## What to work on
The expected output is the data below, restated word for word.

[[ Data for the task open ]]

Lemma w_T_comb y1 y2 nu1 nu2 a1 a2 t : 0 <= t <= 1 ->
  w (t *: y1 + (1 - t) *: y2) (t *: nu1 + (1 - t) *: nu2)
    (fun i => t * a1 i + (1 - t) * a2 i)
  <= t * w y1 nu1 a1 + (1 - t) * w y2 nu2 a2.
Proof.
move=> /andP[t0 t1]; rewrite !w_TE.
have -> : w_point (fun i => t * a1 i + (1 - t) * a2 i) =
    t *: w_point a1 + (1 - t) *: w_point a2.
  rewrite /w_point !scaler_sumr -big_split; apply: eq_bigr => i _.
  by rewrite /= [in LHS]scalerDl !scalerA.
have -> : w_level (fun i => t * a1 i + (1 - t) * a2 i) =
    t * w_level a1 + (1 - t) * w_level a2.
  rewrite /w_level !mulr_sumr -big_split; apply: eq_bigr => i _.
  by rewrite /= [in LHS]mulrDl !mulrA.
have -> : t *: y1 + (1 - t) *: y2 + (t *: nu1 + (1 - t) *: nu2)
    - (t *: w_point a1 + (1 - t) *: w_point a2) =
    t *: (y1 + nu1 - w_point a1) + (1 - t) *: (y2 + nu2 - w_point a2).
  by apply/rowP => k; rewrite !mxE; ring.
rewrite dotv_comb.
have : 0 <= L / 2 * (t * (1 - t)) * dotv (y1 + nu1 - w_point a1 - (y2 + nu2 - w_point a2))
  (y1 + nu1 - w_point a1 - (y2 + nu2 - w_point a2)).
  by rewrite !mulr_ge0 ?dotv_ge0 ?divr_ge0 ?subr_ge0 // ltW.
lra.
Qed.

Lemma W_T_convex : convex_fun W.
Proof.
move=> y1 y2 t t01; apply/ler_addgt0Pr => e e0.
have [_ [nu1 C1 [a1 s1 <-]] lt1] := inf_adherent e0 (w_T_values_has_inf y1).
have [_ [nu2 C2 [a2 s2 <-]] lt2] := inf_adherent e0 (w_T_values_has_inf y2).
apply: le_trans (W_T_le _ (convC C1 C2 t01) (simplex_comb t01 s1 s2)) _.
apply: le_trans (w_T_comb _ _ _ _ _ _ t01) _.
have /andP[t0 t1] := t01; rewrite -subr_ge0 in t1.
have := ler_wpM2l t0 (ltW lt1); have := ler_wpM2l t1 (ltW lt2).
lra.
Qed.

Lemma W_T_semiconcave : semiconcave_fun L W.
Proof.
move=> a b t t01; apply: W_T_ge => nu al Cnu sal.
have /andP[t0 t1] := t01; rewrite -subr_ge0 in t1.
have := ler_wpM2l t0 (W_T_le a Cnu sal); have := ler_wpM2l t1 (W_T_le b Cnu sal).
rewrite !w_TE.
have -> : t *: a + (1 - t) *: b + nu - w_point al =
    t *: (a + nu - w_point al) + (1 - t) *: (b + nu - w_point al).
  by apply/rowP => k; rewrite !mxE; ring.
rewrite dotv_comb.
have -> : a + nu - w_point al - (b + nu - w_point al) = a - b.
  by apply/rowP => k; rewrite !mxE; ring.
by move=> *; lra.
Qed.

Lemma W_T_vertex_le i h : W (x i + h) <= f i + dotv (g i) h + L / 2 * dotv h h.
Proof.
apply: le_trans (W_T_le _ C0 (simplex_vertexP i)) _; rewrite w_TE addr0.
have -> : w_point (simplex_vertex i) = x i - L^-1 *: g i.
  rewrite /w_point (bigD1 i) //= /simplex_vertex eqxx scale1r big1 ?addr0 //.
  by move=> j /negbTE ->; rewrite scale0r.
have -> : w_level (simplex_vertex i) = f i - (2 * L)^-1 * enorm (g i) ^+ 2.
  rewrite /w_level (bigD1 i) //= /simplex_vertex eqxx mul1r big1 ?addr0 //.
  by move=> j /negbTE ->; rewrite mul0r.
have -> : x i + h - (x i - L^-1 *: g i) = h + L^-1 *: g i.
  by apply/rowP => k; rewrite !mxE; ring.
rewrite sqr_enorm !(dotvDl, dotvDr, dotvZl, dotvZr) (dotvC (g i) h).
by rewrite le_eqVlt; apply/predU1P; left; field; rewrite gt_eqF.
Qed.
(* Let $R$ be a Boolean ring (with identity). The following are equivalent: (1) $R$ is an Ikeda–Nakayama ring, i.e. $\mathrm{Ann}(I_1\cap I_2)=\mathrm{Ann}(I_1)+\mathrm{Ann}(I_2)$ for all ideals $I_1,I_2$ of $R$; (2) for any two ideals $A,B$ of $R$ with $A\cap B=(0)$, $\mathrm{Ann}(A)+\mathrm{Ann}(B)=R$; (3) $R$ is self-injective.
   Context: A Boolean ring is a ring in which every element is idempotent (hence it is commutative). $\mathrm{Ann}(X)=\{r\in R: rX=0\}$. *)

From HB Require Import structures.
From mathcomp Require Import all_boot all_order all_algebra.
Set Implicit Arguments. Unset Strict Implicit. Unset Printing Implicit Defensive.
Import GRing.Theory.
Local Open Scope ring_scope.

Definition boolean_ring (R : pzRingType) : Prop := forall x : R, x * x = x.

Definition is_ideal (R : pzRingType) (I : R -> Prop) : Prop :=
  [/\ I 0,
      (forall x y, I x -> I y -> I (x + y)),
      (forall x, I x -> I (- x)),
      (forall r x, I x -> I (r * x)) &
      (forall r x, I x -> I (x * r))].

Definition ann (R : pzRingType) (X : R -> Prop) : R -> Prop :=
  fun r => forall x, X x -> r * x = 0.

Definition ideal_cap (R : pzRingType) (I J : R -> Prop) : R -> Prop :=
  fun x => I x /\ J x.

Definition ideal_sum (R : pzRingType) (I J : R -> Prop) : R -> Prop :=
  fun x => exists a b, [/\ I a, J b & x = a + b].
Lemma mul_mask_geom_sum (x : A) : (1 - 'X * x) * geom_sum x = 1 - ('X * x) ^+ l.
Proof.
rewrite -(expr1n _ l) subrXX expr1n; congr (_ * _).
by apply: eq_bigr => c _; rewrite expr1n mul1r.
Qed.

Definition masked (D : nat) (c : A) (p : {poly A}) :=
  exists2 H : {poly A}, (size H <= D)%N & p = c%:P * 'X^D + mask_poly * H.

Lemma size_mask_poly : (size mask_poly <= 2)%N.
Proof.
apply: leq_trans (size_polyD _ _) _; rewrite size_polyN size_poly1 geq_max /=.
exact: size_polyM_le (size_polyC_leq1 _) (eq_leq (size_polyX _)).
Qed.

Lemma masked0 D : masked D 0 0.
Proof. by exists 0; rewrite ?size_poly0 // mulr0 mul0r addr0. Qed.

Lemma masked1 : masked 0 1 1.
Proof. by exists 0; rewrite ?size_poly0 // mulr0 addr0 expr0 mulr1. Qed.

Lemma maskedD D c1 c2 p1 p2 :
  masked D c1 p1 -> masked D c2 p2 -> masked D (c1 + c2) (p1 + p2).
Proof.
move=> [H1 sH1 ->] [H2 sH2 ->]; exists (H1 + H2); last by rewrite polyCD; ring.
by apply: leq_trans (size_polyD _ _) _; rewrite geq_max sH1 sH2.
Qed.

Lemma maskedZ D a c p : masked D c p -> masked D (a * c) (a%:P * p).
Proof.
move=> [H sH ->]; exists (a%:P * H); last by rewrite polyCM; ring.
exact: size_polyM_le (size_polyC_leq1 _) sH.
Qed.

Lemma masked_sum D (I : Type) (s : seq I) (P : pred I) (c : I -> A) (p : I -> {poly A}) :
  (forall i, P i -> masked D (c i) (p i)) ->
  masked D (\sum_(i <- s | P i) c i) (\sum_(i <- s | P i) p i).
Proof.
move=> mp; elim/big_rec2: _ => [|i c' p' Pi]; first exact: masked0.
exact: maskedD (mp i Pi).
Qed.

[[ Data for the task closed ]]

## Result for this exercise
Lemma w_T_comb y1 y2 nu1 nu2 a1 a2 t : 0 <= t <= 1 ->
  w (t *: y1 + (1 - t) *: y2) (t *: nu1 + (1 - t) *: nu2)
    (fun i => t * a1 i + (1 - t) * a2 i)
  <= t * w y1 nu1 a1 + (1 - t) * w y2 nu2 a2.
Proof.
move=> /andP[t0 t1]; rewrite !w_TE.
have -> : w_point (fun i => t * a1 i + (1 - t) * a2 i) =
    t *: w_point a1 + (1 - t) *: w_point a2.
  rewrite /w_point !scaler_sumr -big_split; apply: eq_bigr => i _.
  by rewrite /= [in LHS]scalerDl !scalerA.
have -> : w_level (fun i => t * a1 i + (1 - t) * a2 i) =
    t * w_level a1 + (1 - t) * w_level a2.
  rewrite /w_level !mulr_sumr -big_split; apply: eq_bigr => i _.
  by rewrite /= [in LHS]mulrDl !mulrA.
have -> : t *: y1 + (1 - t) *: y2 + (t *: nu1 + (1 - t) *: nu2)
    - (t *: w_point a1 + (1 - t) *: w_point a2) =
    t *: (y1 + nu1 - w_point a1) + (1 - t) *: (y2 + nu2 - w_point a2).
  by apply/rowP => k; rewrite !mxE; ring.
rewrite dotv_comb.
have : 0 <= L / 2 * (t * (1 - t)) * dotv (y1 + nu1 - w_point a1 - (y2 + nu2 - w_point a2))
  (y1 + nu1 - w_point a1 - (y2 + nu2 - w_point a2)).
  by rewrite !mulr_ge0 ?dotv_ge0 ?divr_ge0 ?subr_ge0 // ltW.
lra.
Qed.

Lemma W_T_convex : convex_fun W.
Proof.
move=> y1 y2 t t01; apply/ler_addgt0Pr => e e0.
have [_ [nu1 C1 [a1 s1 <-]] lt1] := inf_adherent e0 (w_T_values_has_inf y1).
have [_ [nu2 C2 [a2 s2 <-]] lt2] := inf_adherent e0 (w_T_values_has_inf y2).
apply: le_trans (W_T_le _ (convC C1 C2 t01) (simplex_comb t01 s1 s2)) _.
apply: le_trans (w_T_comb _ _ _ _ _ _ t01) _.
have /andP[t0 t1] := t01; rewrite -subr_ge0 in t1.
have := ler_wpM2l t0 (ltW lt1); have := ler_wpM2l t1 (ltW lt2).
lra.
Qed.

Lemma W_T_semiconcave : semiconcave_fun L W.
Proof.
move=> a b t t01; apply: W_T_ge => nu al Cnu sal.
have /andP[t0 t1] := t01; rewrite -subr_ge0 in t1.
have := ler_wpM2l t0 (W_T_le a Cnu sal); have := ler_wpM2l t1 (W_T_le b Cnu sal).
rewrite !w_TE.
have -> : t *: a + (1 - t) *: b + nu - w_point al =
    t *: (a + nu - w_point al) + (1 - t) *: (b + nu - w_point al).
  by apply/rowP => k; rewrite !mxE; ring.
rewrite dotv_comb.
have -> : a + nu - w_point al - (b + nu - w_point al) = a - b.
  by apply/rowP => k; rewrite !mxE; ring.
by move=> *; lra.
Qed.

Lemma W_T_vertex_le i h : W (x i + h) <= f i + dotv (g i) h + L / 2 * dotv h h.
Proof.
apply: le_trans (W_T_le _ C0 (simplex_vertexP i)) _; rewrite w_TE addr0.
have -> : w_point (simplex_vertex i) = x i - L^-1 *: g i.
  rewrite /w_point (bigD1 i) //= /simplex_vertex eqxx scale1r big1 ?addr0 //.
  by move=> j /negbTE ->; rewrite scale0r.
have -> : w_level (simplex_vertex i) = f i - (2 * L)^-1 * enorm (g i) ^+ 2.
  rewrite /w_level (bigD1 i) //= /simplex_vertex eqxx mul1r big1 ?addr0 //.
  by move=> j /negbTE ->; rewrite mul0r.
have -> : x i + h - (x i - L^-1 *: g i) = h + L^-1 *: g i.
  by apply/rowP => k; rewrite !mxE; ring.
rewrite sqr_enorm !(dotvDl, dotvDr, dotvZl, dotvZr) (dotvC (g i) h).
by rewrite le_eqVlt; apply/predU1P; left; field; rewrite gt_eqF.
Qed.
(* Let $R$ be a Boolean ring (with identity). The following are equivalent: (1) $R$ is an Ikeda–Nakayama ring, i.e. $\mathrm{Ann}(I_1\cap I_2)=\mathrm{Ann}(I_1)+\mathrm{Ann}(I_2)$ for all ideals $I_1,I_2$ of $R$; (2) for any two ideals $A,B$ of $R$ with $A\cap B=(0)$, $\mathrm{Ann}(A)+\mathrm{Ann}(B)=R$; (3) $R$ is self-injective.
   Context: A Boolean ring is a ring in which every element is idempotent (hence it is commutative). $\mathrm{Ann}(X)=\{r\in R: rX=0\}$. *)

From HB Require Import structures.
From mathcomp Require Import all_boot all_order all_algebra.
Set Implicit Arguments. Unset Strict Implicit. Unset Printing Implicit Defensive.
Import GRing.Theory.
Local Open Scope ring_scope.

Definition boolean_ring (R : pzRingType) : Prop := forall x : R, x * x = x.

Definition is_ideal (R : pzRingType) (I : R -> Prop) : Prop :=
  [/\ I 0,
      (forall x y, I x -> I y -> I (x + y)),
      (forall x, I x -> I (- x)),
      (forall r x, I x -> I (r * x)) &
      (forall r x, I x -> I (x * r))].

Definition ann (R : pzRingType) (X : R -> Prop) : R -> Prop :=
  fun r => forall x, X x -> r * x = 0.

Definition ideal_cap (R : pzRingType) (I J : R -> Prop) : R -> Prop :=
  fun x => I x /\ J x.

Definition ideal_sum (R : pzRingType) (I J : R -> Prop) : R -> Prop :=
  fun x => exists a b, [/\ I a, J b & x = a + b].
Lemma mul_mask_geom_sum (x : A) : (1 - 'X * x) * geom_sum x = 1 - ('X * x) ^+ l.
Proof.
rewrite -(expr1n _ l) subrXX expr1n; congr (_ * _).
by apply: eq_bigr => c _; rewrite expr1n mul1r.
Qed.

Definition masked (D : nat) (c : A) (p : {poly A}) :=
  exists2 H : {poly A}, (size H <= D)%N & p = c%:P * 'X^D + mask_poly * H.

Lemma size_mask_poly : (size mask_poly <= 2)%N.
Proof.
apply: leq_trans (size_polyD _ _) _; rewrite size_polyN size_poly1 geq_max /=.
exact: size_polyM_le (size_polyC_leq1 _) (eq_leq (size_polyX _)).
Qed.

Lemma masked0 D : masked D 0 0.
Proof. by exists 0; rewrite ?size_poly0 // mulr0 mul0r addr0. Qed.

Lemma masked1 : masked 0 1 1.
Proof. by exists 0; rewrite ?size_poly0 // mulr0 addr0 expr0 mulr1. Qed.

Lemma maskedD D c1 c2 p1 p2 :
  masked D c1 p1 -> masked D c2 p2 -> masked D (c1 + c2) (p1 + p2).
Proof.
move=> [H1 sH1 ->] [H2 sH2 ->]; exists (H1 + H2); last by rewrite polyCD; ring.
by apply: leq_trans (size_polyD _ _) _; rewrite geq_max sH1 sH2.
Qed.

Lemma maskedZ D a c p : masked D c p -> masked D (a * c) (a%:P * p).
Proof.
move=> [H sH ->]; exists (a%:P * H); last by rewrite polyCM; ring.
exact: size_polyM_le (size_polyC_leq1 _) sH.
Qed.

Lemma masked_sum D (I : Type) (s : seq I) (P : pred I) (c : I -> A) (p : I -> {poly A}) :
  (forall i, P i -> masked D (c i) (p i)) ->
  masked D (\sum_(i <- s | P i) c i) (\sum_(i <- s | P i) p i).
Proof.
move=> mp; elim/big_rec2: _ => [|i c' p' Pi]; first exact: masked0.
exact: maskedD (mp i Pi).
Qed.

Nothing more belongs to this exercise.